The Paris Club of creditors agreed to delay $300 million of debt-service payments by Kenya, the nation’s Treasury said. Kenya, however, won’t seek debt suspension from multilateral and commercial creditors, as it wants to safeguard its sovereign rating and its future access to international financial markets, it said. Still, the move unnerved some investors, according to NCBA Bank Kenya Ltd.
The decision to request relief “is a confirmation that our debt position is not healthy,” said Faith Atiti, a senior economist at Nairobi-based NCBA Bank. “Any investor would want to adjust the risk assigned to the country.”
Several African governments are seeking debt-payment pauses and cancellations in the wake of the economic fallout from the coronavirus pandemic.

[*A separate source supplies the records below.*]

Lemma exchange_big4 (F : I -> T -> T -> T -> T -> R) :
  \sum_i \sum_x \sum_y \sum_z \sum_w F i x y z w =
  \sum_x \sum_y \sum_z \sum_w \sum_i F i x y z w.
Proof.
rewrite exchange_big; apply: eq_bigr => x _; rewrite exchange_big.
by apply: eq_bigr => y _; rewrite exchange_big; apply: eq_bigr => z _; rewrite exchange_big.
Qed.

End SumManipulations.

Definition hom_on (C : numClosedFieldType) (M : finGroupType) (H : {set M}) (f : M -> C) :=
  {in H &, {morph f : a b / (a * b)%g >-> a * b}} /\ f 1%g = 1.

Lemma hom_is_char (C : numClosedFieldType) (M : finGroupType) (f : M -> C) :
  hom_on [set: M] f -> is_char [ffun a => f a].
Proof.
case=> fM f1; apply/andP; split; apply/forallP => a.
  by apply/forallP => b; rewrite !ffunE fM ?inE.
rewrite ffunE; apply: contra_neq (oner_neq0 C) => fa0.
by rewrite -f1 -(mulgV a) fM ?inE // fa0 mul0r.
Qed.

Section DualGroup.
Variables (C : numClosedFieldType) (M : finGroupType).
Implicit Types (x y : dual M C) (a b : M).

Lemma chvM x a b : chv x (a * b)%g = chv x a * chv x b.
Proof. by rewrite /chv; case: x => f /= /andP[/forallP/(_ a)/forallP/(_ b)/eqP]. Qed.

Lemma chv_neq0 x a : chv x a != 0.
Proof. by rewrite /chv; case: x => f /= /andP[_ /forallP]. Qed.

Lemma chv1 x : chv x 1%g = 1.
Proof. by apply: (mulIf (chv_neq0 x 1%g)); rewrite -chvM mulg1 mul1r. Qed.

Lemma chvX x a n : chv x (a ^+ n)%g = chv x a ^+ n.
Proof. by elim: n => [|n IHn]; rewrite ?chv1 // expgS chvM IHn exprS. Qed.

Lemma chvV x a : chv x a^-1%g = (chv x a)^-1.
Proof.
by apply: (mulfI (chv_neq0 x a)); rewrite -chvM mulgV chv1 divff ?chv_neq0.
Qed.

Lemma eq_dual x y : chv x =1 chv y -> x = y.
Proof. by move=> xy; apply/val_inj/ffunP. Qed.

(* Character values are roots of X^|M| - 1, so the dual embeds in a finite type. *)
Definition unity_roots : seq C := sval (closed_field_poly_normal ('X^#|M| - 1)).

Lemma chv_unity_root x a : chv x a \in unity_roots.
Proof.
have M_gt0 : (0 < #|M|)%N by apply/card_gt0P; exists 1%g.
have := svalP (closed_field_poly_normal ('X^#|M| - 1 : {poly C})).
rewrite -/unity_roots lead_coefXnsubC // scale1r => def_p.
rewrite -root_prod_XsubC -def_p /root !hornerE -chvX -cardsT.
by rewrite expg_cardG ?inE // chv1 subrr.
Qed.

Definition dual_code x : {ffun M -> seq_sub unity_roots} :=
  [ffun a => SeqSub (chv_unity_root x a)].
Definition dual_decode (f : {ffun M -> seq_sub unity_roots}) : option (dual M C) :=
  insub [ffun a => ssval (f a)].

Lemma dual_codeK : pcancel dual_code dual_decode.
Proof.
move=> x; rewrite /dual_decode (_ : [ffun a => _] = val x) ?valK //.
by apply/ffunP => a; rewrite !ffunE.
Qed.

Lemma dual_pickleK : pcancel (pickle \o dual_code) (pcomp dual_decode unpickle).
Proof. exact: pcan_pickleK dual_codeK. Qed.

Lemma dual_one_subproof : is_char [ffun _ : M => 1 : C].
Proof. by apply: hom_is_char; split=> // a b _ _; rewrite mulr1. Qed.

Lemma dual_mul_subproof x y : is_char [ffun a => chv x a * chv y a].
Proof.
by apply: hom_is_char; split=> [a b _ _|]; rewrite ?chvM 1?mulrACA // !chv1 mulr1.
Qed.

Lemma dual_inv_subproof x : is_char [ffun a => (chv x a)^-1].
Proof. by apply: hom_is_char; split=> [a b _ _|]; rewrite ?chvM ?invfM // chv1 invr1. Qed.

Definition dual_one : dual M C := Sub _ dual_one_subproof.
Definition dual_mul x y : dual M C := Sub _ (dual_mul_subproof x y).
Definition dual_inv x : dual M C := Sub _ (dual_inv_subproof x).

Lemma chv_one a : chv dual_one a = 1.
Proof. by rewrite /chv /= ffunE. Qed.

Lemma chv_mul x y a : chv (dual_mul x y) a = chv x a * chv y a.
Proof. by rewrite /chv /= ffunE. Qed.

Lemma chv_inv x a : chv (dual_inv x) a = (chv x a)^-1.
Proof. by rewrite /chv /= ffunE. Qed.

Lemma dual_mulA : associative dual_mul.
Proof. by move=> x y z; apply: eq_dual => a; rewrite !chv_mul mulrA. Qed.

Lemma dual_mul1 : left_id dual_one dual_mul.
Proof. by move=> x; apply: eq_dual => a; rewrite chv_mul chv_one mul1r. Qed.

Lemma dual_mulV : left_inverse dual_one dual_inv dual_mul.
Proof.
by move=> x; apply: eq_dual => a; rewrite chv_mul chv_inv chv_one mulVf ?chv_neq0.
Qed.

End DualGroup.

(* Keep the choice structure of the underlying sig type: the finitely supported sum
   in [jacobi_sum] was elaborated with it. *)
HB.instance Definition _ (C : numClosedFieldType) (M : finGroupType) :=
  Choice.copy (dual M C) (sig (@is_char M C)).
HB.instance Definition _ (C : numClosedFieldType) (M : finGroupType) :=
  Choice_isCountable.Build (dual M C) (@dual_pickleK C M).
HB.instance Definition _ (C : numClosedFieldType) (M : finGroupType) :
  isFinite (dual M C) := PCanIsFinite (@dual_codeK C M).
HB.instance Definition _ (C : numClosedFieldType) (M : finGroupType) :=
  Finite_isGroup.Build (dual M C) (@dual_mulA C M) (@dual_mul1 C M) (@dual_mulV C M).

Lemma dual_mulC (C : numClosedFieldType) (M : finGroupType) (x y : dual M C) :
  commute x y.
Proof. by apply: eq_dual => a; rewrite !chv_mul mulrC. Qed.

Section HomExtension.
Variables (C : numClosedFieldType) (M : finGroupType).
Hypothesis cMM : abelian [set: M].

Lemma commute_ab (a b : M) : commute a b.
Proof. by apply: (centsP cMM); rewrite inE. Qed.

Lemma hom_onX (H : {group M}) (f : M -> C) a n : hom_on H f -> a \in H ->
  f (a ^+ n)%g = f a ^+ n.
Proof.
case=> fM f1 Ha; elim: n => [|n IHn]; first by rewrite f1.
by rewrite expgS fM ?groupX // IHn exprS.
Qed.

Section OneStep.
Variables (H : {group M}) (f : M -> C) (g : M) (t : C).
Hypotheses (fH : hom_on H f)
           (ft : forall n, (g ^+ n \in H)%g -> f (g ^+ n)%g = t ^+ n).

Lemma ext_value_indep y i j : (y * g ^- i \in H)%g -> (y * g ^- j \in H)%g ->
  f (y * g ^- i)%g * t ^+ i = f (y * g ^- j)%g * t ^+ j.
Proof.
wlog le_ij : i j / (i <= j)%N.
  by move=> W Hi Hj; case: (leqP i j) => [|/ltnW] ?; [|symmetry]; apply: W.
move=> Hi Hj; have def_i : (y * g ^- i = (y * g ^- j) * g ^+ (j - i))%g.
  by rewrite expgnFr // mulgA mulgKV.
have Hji : (g ^+ (j - i) \in H)%g by rewrite -(groupMl _ Hj) -def_i.
by rewrite def_i fH.1 // ft // -mulrA -exprD subnK.
Qed.

(* [ext_hom (h * g ^+ i) = f h * t ^+ i] for [h \in H]; by [ft] this does not
   depend on the decomposition. *)
Definition ext_hom y : C :=
  if [pick i : 'I_#[g]%g | (y * g ^- i \in H)%g] is Some i
  then f (y * g ^- i)%g * t ^+ i else 0.

Lemma ext_homE y i : (y * g ^- i \in H)%g -> ext_hom y = f (y * g ^- i)%g * t ^+ i.
Proof.
move=> Hi; rewrite /ext_hom; case: pickP => [j Hj|]; first exact: ext_value_indep.
move=> /(_ (Ordinal (ltn_pmod i (order_gt0 g)))) /=.
by rewrite expg_mod_order Hi.
Qed.

Lemma ext_hom_on : hom_on (H <*> <[g]>)%g ext_hom.
Proof.
have witness y : (y \in H <*> <[g]>)%g -> exists i, (y * g ^- i \in H)%g.
  rewrite comm_joingE; last by apply/centC/(sub_abelian_cent2 cMM); rewrite subsetT.
  by case/mulsgP=> h _ Hh /cycleP[i ->] ->; exists i; rewrite mulgK.
split; last by rewrite (@ext_homE _ 0) ?mul1g ?invg1 ?fH.2 ?expr0 ?mulr1.
move=> y z /witness[i Hi] /witness[j Hj].
have Hij : (y * z * g ^- (i + j) = (y * g ^- i) * (z * g ^- j))%g.
  rewrite expgD invMg -!mulgA; congr (y * _)%g.
  by rewrite (commute_ab (g ^- j)) mulgA (commute_ab z) mulgA.
rewrite (ext_homE Hi) (ext_homE Hj) (@ext_homE _ (i + j)); last by rewrite Hij groupM.
by rewrite Hij fH.1 // exprD mulrACA.
Qed.

Lemma ext_hom_eq : {in H, ext_hom =1 f}.
Proof. by move=> y Hy; rewrite (@ext_homE _ 0) ?invg1 ?mulg1 ?expr0 ?mulr1. Qed.

Lemma ext_hom_gen : ext_hom g = t.
Proof. by rewrite (@ext_homE _ 1) ?expg1 ?mulgV ?fH.2 ?mul1r ?expr1. Qed.

End OneStep.

Lemma exists_compatible_root (H : {group M}) (f : M -> C) g : hom_on H f ->
  exists t, forall n, (g ^+ n \in H)%g -> f (g ^+ n)%g = t ^+ n.
Proof.
move=> fH; have : exists k, (0 < k)%N && (g ^+ k \in H)%g.
  by exists #[g]%g; rewrite order_gt0 expg_order group1.
case/ex_minnP=> k /andP[k_gt0 Hgk] k_min.
exists (k.-root (f (g ^+ k)%g)) => n Hgn.
have k_dvd_n : (k %| n)%N.
  have Hgr : (g ^+ (n %% k) \in H)%g.
    by move: Hgn; rewrite {1}(divn_eq n k) expgD mulnC expgM (groupMl _ (groupX _ Hgk)).
  apply: contraT; rewrite /dvdn -lt0n => r_gt0.
  have /k_min : (0 < n %% k)%N && (g ^+ (n %% k) \in H)%g by rewrite r_gt0.
  by rewrite leqNgt ltn_pmod.
by rewrite -(divnK k_dvd_n) mulnC expgM (hom_onX _ fH Hgk) exprM rootCK.
Qed.

Lemma hom_extend (H : {group M}) (f : M -> C) : hom_on H f ->
  exists2 f', hom_on [set: M] f' & {in H, f' =1 f}.
Proof.
move: {2}_.+1 (ltnSn (#|M| - #|H|)) => n.
elim: n H f => // n IHn H f lt_H_n fH.
have [/subsetP sTH | /subsetPn[g _ Hg]] := boolP ([set: M] \subset H).
  by exists f => //; case: fH => fM f1; split=> // a b Ta Tb; apply: fM; apply: sTH.
have [t ft] := exists_compatible_root g fH.
pose K := (H <*> <[g]>)%G.
have ltHK : (#|H| < #|K|)%N.
  apply/proper_card/properP; split; first exact: joing_subl.
  by exists g => //; apply: (subsetP (joing_subr _ _)); apply: cycle_id.
have leKM : (#|K| <= #|M|)%N by apply: max_card.
have [|f' f'hom f'E] := IHn K _ _ (ext_hom_on fH ft); first lia.
exists f' => // y Hy; rewrite f'E ?ext_hom_eq //.
exact: (subsetP (joing_subl _ _)).
Qed.

Lemma exists_root_neq1 n : (1 < n)%N -> exists2 z : C, z ^+ n = 1 & z != 1.
Proof.
move=> n_gt1; set r := n.-root (-1 : C).
have rn : r ^+ n = -1 by rewrite rootCK ?(ltnW n_gt1).
exists (r ^+ 2); first by rewrite -exprM mulnC exprM rn sqrrN expr1n.
rewrite sqrf_eq1 negb_or; apply/andP; split; apply: contraTneq isT => r1.
  by move: rn; rewrite r1 expr1n => /eqP; rewrite -addr_eq0 -mulr2n pnatr_eq0.
by have := rootC_lt0 (-1 : C) n_gt1; rewrite -/r r1 ltrN10.
Qed.

Lemma char_separates c : c != 1%g -> exists x : dual M C, chv x c != 1.
Proof.
rewrite -order_gt1 => /exists_root_neq1[z zc z_neq1].
have triv_hom : hom_on [1 M]%G (fun=> 1 : C) by split=> // a b _ _; rewrite mulr1.
have zc_compat n : (c ^+ n \in [1 M])%g -> 1 = z ^+ n.
  by rewrite inE -order_dvdn => /divnK <-; rewrite mulnC exprM zc expr1n.
have [f fhom fE] := hom_extend (ext_hom_on triv_hom zc_compat).
exists (Sub _ (hom_is_char fhom)); rewrite /chv SubK ffunE fE ?ext_hom_gen //.
exact: (subsetP (joing_subr _ _)) (cycle_id c).
Qed.

End HomExtension.

Section Orthogonality.
Variables (C : numClosedFieldType) (M : finGroupType).
Hypothesis cMM : abelian [set: M].
Local Notation D := (dual M C).
Local Notation m := (#|M|%:R : C).
Implicit Types (x y : D) (a b : M).

Lemma m_neq0 : m != 0.
Proof. by rewrite pnatr_eq0 -lt0n; apply/card_gt0P; exists 1%g. Qed.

In November, Zambia become Africa’s first sovereign default since the virus struck, after bondholders rejected the government’s request for debt relief.
Yields on Kenya’s Eurobonds due 2027 jumped 11 basis points on Tuesday to 5.17% after climbing 10 basis points the previous day.
The yield on securities due 2048 rose 12 basis points to 7.2%, the highest level since Dec. 1.
The extra yield investors demand to hold Kenya’s dollar bonds rather than U.S. Treasuries widened 15 basis points on Tuesday to 474, according to JPMorgan Chase & Co. indexes.